The discussion thereafter veered to PR. "We have two PR offerings," she said. "One is brand vocabulary assessment ” the vocabulary being used in a PR campaign. The assessment studies the words that some brands keep using in their PR, and what is the messaging that drives the association they wanted to build." She said Spatial Access had a tool which goes through files electronically to pick up words, to define the words from a dictionary, and provide results. "The other offering is media analysis, which asks if a brand is reaching the right people through the right medium, she said. "Advertisers are excited that there is a tool like this, because such analysis is not carried out anywhere in the world. We haven't even started marketing it and the kind of response we have got, just through our own PR, has been gratifying."

That led us to the question of Spatial Access' clients. "Our base is made up of over 100 advertisers," Bhattacharji said. "We have a mix of both project and retailer clients. In terms of international clients, we have business that comes in from international partners. So we have consultancies from Europe which send us work for Indian clients they are managing at the global level. Besides, we evaluate Indian markets. Novartis, Samsung, Volkswagen, among many others, are our international clients. The largest chunk is of MNC clients, about 70%. We have tie-ups with international consultancies like FLE and Billetts."

Returning to print production, Bhattacharji said: "I head the vertical and my experience suggests that advertisers need help with standardization. Besides, today, there is no resource list of production partners." If signage or printing is one's business, one works with the same set of partners, she said. "There is no way to know who else does this," she said. "If I have to look for a production online bank, nothing exists; so my endeavor now is to actually digitize and create India's first digital bank of production resources. We hold production workshops every six months, and they are paid workshops. We have agencies sending their clients' trainees to us. Everything is digital today, so you have to either learn for yourself or take a hike. So when agencies heard about our workshops, they liked the idea." The module encompasses basics, site visits to printers, processors, and digital houses, she said. "We tell workshop participants, "this is flex, this is vinyl, this is 13 ounce, this is 10 ounce'," she said. "We explain why a positive doesn't work anymore, and what is CTP about."
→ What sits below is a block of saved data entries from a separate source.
(* Let $\Sigma$ be an alphabet with $|\Sigma|=m$, and let $\pi_1,\pi_2,\pi_3$ be three strings, each a permutation of the symbols of $\Sigma$ (each symbol appears exactly once). Then $$|\mathrm{lcs}(\pi_1,\pi_2)|\cdot|\mathrm{lcs}(\pi_2,\pi_3)|\cdot|\mathrm{lcs}(\pi_3,\pi_1)|\ge m.$$
   Context: $\mathrm{lcs}(x,y)$ denotes a longest common subsequence of strings $x$ and $y$. *)

From mathcomp Require Import all_boot.
Set Implicit Arguments. Unset Strict Implicit. Unset Printing Implicit Defensive.

(* Every subsequence of s
   is of the form mask b s with b a bit-mask of length size s, so this max
   ranges over a finite type. *)
Definition lcs_len (T : eqType) (s t : seq T) : nat :=
  \max_(b : (size s).-tuple bool | subseq (mask b s) t) size (mask b s).

Definition is_perm_string (T : finType) (s : seq T) : Prop :=
  perm_eq s (enum T).

From mathcomp Require Import all_boot.
Set Implicit Arguments. Unset Strict Implicit. Unset Printing Implicit Defensive.

(* An Erdős–Szekeres argument.  For rankings i, j of the alphabet (positions
   in two of the strings) let chain_len i j x be the size of a largest set S on
   which i and j induce the same order and whose i-largest element is x; read
   along either string, S is a common subsequence, so chain_len i j x is at
   most their lcs.  If i and j order x and y alike, a chain ending at the
   smaller one extends by the larger one, so their chain lengths differ.  For
   x <> y, two of the three cyclically consecutive pairs of strings (p1, p2),
   (p2, p3), (p3, p1) order x and y alike, so the triple of chain lengths is
   an injection of the alphabet into a box of volume
   lcs(p1, p2) lcs(p2, p3) lcs(p3, p1). *)

Section Chains.

Variables (T : finType) (i j : T -> nat).

Definition order_agree (S : {set T}) : bool :=
  [forall u in S, forall v in S, (i u < i v) == (j u < j v)].

Lemma order_agreeP (S : {set T}) :
  reflect {in S &, forall u v, (i u < i v) = (j u < j v)} (order_agree S).
Proof.
apply: (iffP forall_inP) => [agS u v uS vS | agS u uS].
  by have /forall_inP/(_ v vS)/eqP := agS u uS.
by apply/forall_inP => v vS; rewrite agS.
Qed.

Definition chain_to (x : T) (S : {set T}) : bool :=
  [&& x \in S, order_agree S & [forall u in S, i u <= i x]].

Definition chain_len (x : T) : nat := \max_(S | chain_to x S) #|S|.

Lemma chain_to1 x : chain_to x [set x].
Proof.
rewrite /chain_to set11 /=; apply/andP; split.
  by apply/order_agreeP => u v /set1P-> /set1P->; rewrite !ltnn.
by apply/forall_inP => u /set1P->.
Qed.

Lemma chain_len_gt0 x : 0 < chain_len x.
Proof. by apply: (bigmax_sup _ (chain_to1 x)); rewrite cards1. Qed.

Lemma chain_lenP x : exists2 S, chain_to x S & #|S| = chain_len x.
Proof.
have [|S chS maxS] := eq_bigmax_cond (fun S : {set T} => #|S|) (A := chain_to x).
  by apply/card_gt0P; exists [set x]; apply: chain_to1.
by exists S.
Qed.

Lemma chain_len_lt x y :
  i x < i y -> j x < j y -> chain_len x < chain_len y.
Proof.
move=> ixy jxy; have [S /and3P[xS /order_agreeP agS /forall_inP iS] <-] := chain_lenP x.
have jS u : u \in S -> j u <= j x.
  by move=> uS; rewrite leqNgt -agS // -leqNgt iS.
have yS : y \notin S by apply: contraL ixy => /iS; rewrite leqNgt.
have chyS : chain_to y (y |: S).
  rewrite /chain_to setU11 /=; apply/andP; split; last first.
    by apply/forall_inP => u /setU1P[-> // | /iS iux]; apply: leq_trans iux (ltnW ixy).
  apply/order_agreeP => u v /setU1P[-> | uS] /setU1P[-> | vS]; first by rewrite !ltnn.
  - by rewrite !ltnNge (leq_trans (iS v vS) (ltnW ixy)) (leq_trans (jS v vS) (ltnW jxy)).
  - by rewrite (leq_ltn_trans (iS u uS) ixy) (leq_ltn_trans (jS u uS) jxy).
  - exact: agS.
by apply: (bigmax_sup _ chyS); rewrite cardsU1 yS.
Qed.

Lemma chain_len_neq x y : injective i -> injective j -> x != y ->
  (i x < i y) = (j x < j y) -> chain_len x != chain_len y.
Proof.
move=> inj_i inj_j neq_xy agxy.
have [ixy | iyx | /inj_i eq_xy] := ltngtP (i x) (i y); last by rewrite eq_xy eqxx in neq_xy.
- by rewrite neq_ltn chain_len_lt // -agxy.
- have jyx : j y < j x.
    rewrite ltn_neqAle leqNgt -agxy ltnNge (ltnW iyx) andbT.
    by apply: contra neq_xy => /eqP/inj_j->.
  by rewrite neq_ltn (chain_len_lt iyx jyx) orbT.
Qed.

End Chains.

Lemma chain_len3_inj (T : finType) (i1 i2 i3 : T -> nat) :
  injective i1 -> injective i2 -> injective i3 ->
  injective (fun x => (chain_len i1 i2 x, chain_len i2 i3 x, chain_len i3 i1 x)).
Proof.
move=> inj1 inj2 inj3 x y [e12 e23 e31]; apply/eqP; apply: contraT => neq_xy.
have cyclic_pair_agree (b1 b2 b3 : bool) : [|| b1 == b2, b2 == b3 | b3 == b1].
  by case: b1; case: b2; case: b3.
case/or3P: (cyclic_pair_agree (i1 x < i1 y) (i2 x < i2 y) (i3 x < i3 y)) => /eqP ag.
- by have := chain_len_neq inj1 inj2 neq_xy ag; rewrite e12 eqxx.
- by have := chain_len_neq inj2 inj3 neq_xy ag; rewrite e23 eqxx.
- by have := chain_len_neq inj3 inj1 neq_xy ag; rewrite e31 eqxx.
Qed.

Lemma card_le_mul3 (T : finType) (f g h : T -> nat) (a b c : nat) :
  (forall x, 0 < f x <= a) -> (forall x, 0 < g x <= b) ->
  (forall x, 0 < h x <= c) ->
  injective (fun x => (f x, g x, h x)) -> #|T| <= a * b * c.
Proof.
move=> fa gb hc inj_fgh.
have shift (k : T -> nat) n : (forall x, 0 < k x <= n) -> forall x, (k x).-1 < n.
  by move=> kn x; case/andP: (kn x) => /prednK-> .
pose box x := (Ordinal (shift _ _ fa x), Ordinal (shift _ _ gb x), Ordinal (shift _ _ hc x)).
rewrite -[a]card_ord -[b]card_ord -[c]card_ord -!card_prod.
apply: (@leq_card _ _ box) => x y [ef eg eh]; apply: inj_fgh.
have pred_inj (k : T -> nat) n (kn : forall x, 0 < k x <= n) :
    (k x).-1 = (k y).-1 -> k x = k y.
  by case/andP: (kn x) => kx _ e; rewrite -(prednK kx) e prednK //; case/andP: (kn y).
by rewrite (pred_inj _ _ fa ef) (pred_inj _ _ gb eg) (pred_inj _ _ hc eh).
Qed.

Lemma common_subseq_le_lcs (T : eqType) (s p q : seq T) :
  subseq s p -> subseq s q -> size s <= lcs_len p q.
Proof.
case/subseqP=> m size_m ->; have size_m' : size m == size p by rewrite size_m.
exact: (@leq_bigmax_cond _ _ (fun b : (size p).-tuple bool => size (mask b p)) (Tuple size_m')).
Qed.

Lemma sorted_index (T : eqType) (p : seq T) : uniq p ->
  sorted (fun u v => index u p < index v p) p.
Proof.
move=> Up; case Ep: p => [//|x0 p']; rewrite -Ep.
rewrite -[in X in sorted _ X](mkseq_nth x0 p) /mkseq sorted_map.
apply: (sub_in_sorted (P := gtn (size p))) (iota_ltn_sorted 0 (size p)).
  by move=> k l kp lp; rewrite /relpre /= !index_uniq.
by apply/allP => k; rewrite mem_iota.
Qed.

Section PermStrings.

Variable T : finType.

Lemma index_perm_string_inj (p : seq T) : is_perm_string p -> injective (index^~ p).
Proof.
by move=> Pp x y; apply: (index_inj x); rewrite (perm_mem Pp) mem_enum.
Qed.

Lemma card_order_agree_le_lcs (p q : seq T) (S : {set T}) :
  is_perm_string p -> is_perm_string q ->
  order_agree (index^~ p) (index^~ q) S -> #|S| <= lcs_len p q.
Proof.
move=> Pp Pq /order_agreeP agS.
have Up : uniq p by rewrite (perm_uniq Pp) enum_uniq.
have Uq : uniq q by rewrite (perm_uniq Pq) enum_uniq.
have lt_index_trans : transitive (fun u v => index u p < index v p).
  by move=> ? ? ?; apply: ltn_trans.
(* Both traces list S by increasing position in p: positions in q compare alike on S. *)
have same_trace : filter (mem S) p = filter (mem S) q.
  apply: (irr_sorted_eq lt_index_trans) => [u | | | u]; first exact: ltnn.
  - exact: sorted_filter (sorted_index Up).
  - apply: (sub_in_sorted (P := mem S) (e := fun u v => index u q < index v q)).
    + by move=> u v uS vS; rewrite /= agS.
    + by apply/allP => u; rewrite mem_filter => /andP[].
    + by apply: sorted_filter (sorted_index Uq) => ? ? ?; apply: ltn_trans.
  by rewrite !mem_filter (perm_mem Pp) (perm_mem Pq).
have -> : #|S| = size (filter (mem S) q).
  by rewrite size_filter (permP Pq) cardE -size_filter enumT.
by apply: common_subseq_le_lcs (filter_subseq _ _); rewrite -same_trace filter_subseq.
Qed.

Lemma chain_len_le_lcs (p q : seq T) x :
  is_perm_string p -> is_perm_string q ->
  chain_len (index^~ p) (index^~ q) x <= lcs_len p q.
Proof.
move=> Pp Pq; have [S /and3P[_ agS _] <-] := chain_lenP (index^~ p) (index^~ q) x.
exact: card_order_agree_le_lcs.
Qed.

End PermStrings.

Theorem mainTheorem4 (Sigma : finType) (m : nat) (p1 p2 p3 : seq Sigma) :
  #|Sigma| = m ->
  is_perm_string p1 -> is_perm_string p2 -> is_perm_string p3 ->
  lcs_len p1 p2 * lcs_len p2 p3 * lcs_len p3 p1 >= m.
Proof.
move=> <- P1 P2 P3.
apply: card_le_mul3 (chain_len3_inj (index_perm_string_inj P1)
  (index_perm_string_inj P2) (index_perm_string_inj P3)) => x;
  by rewrite chain_len_gt0 chain_len_le_lcs.
Qed.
In passing Adgully asked Bhattacharji for her thoughts on direct marketing. "We haven't really got into direct marketing very aggressively," she said. "Managing consumer loyalty is one area that a lot of clients are grappling with. How can I actually build on loyalty through direct marketing ” that is the biggest challenge." Finally, we requested Bhattacharji to offer a message to young talent. "I feel compared to what we were earlier ” and the way we looked at work ” young people today take the easy way out. I think kids really need to learn to take the deep dive. There is a lot of surface stuff out there and nobody wants to take that dive."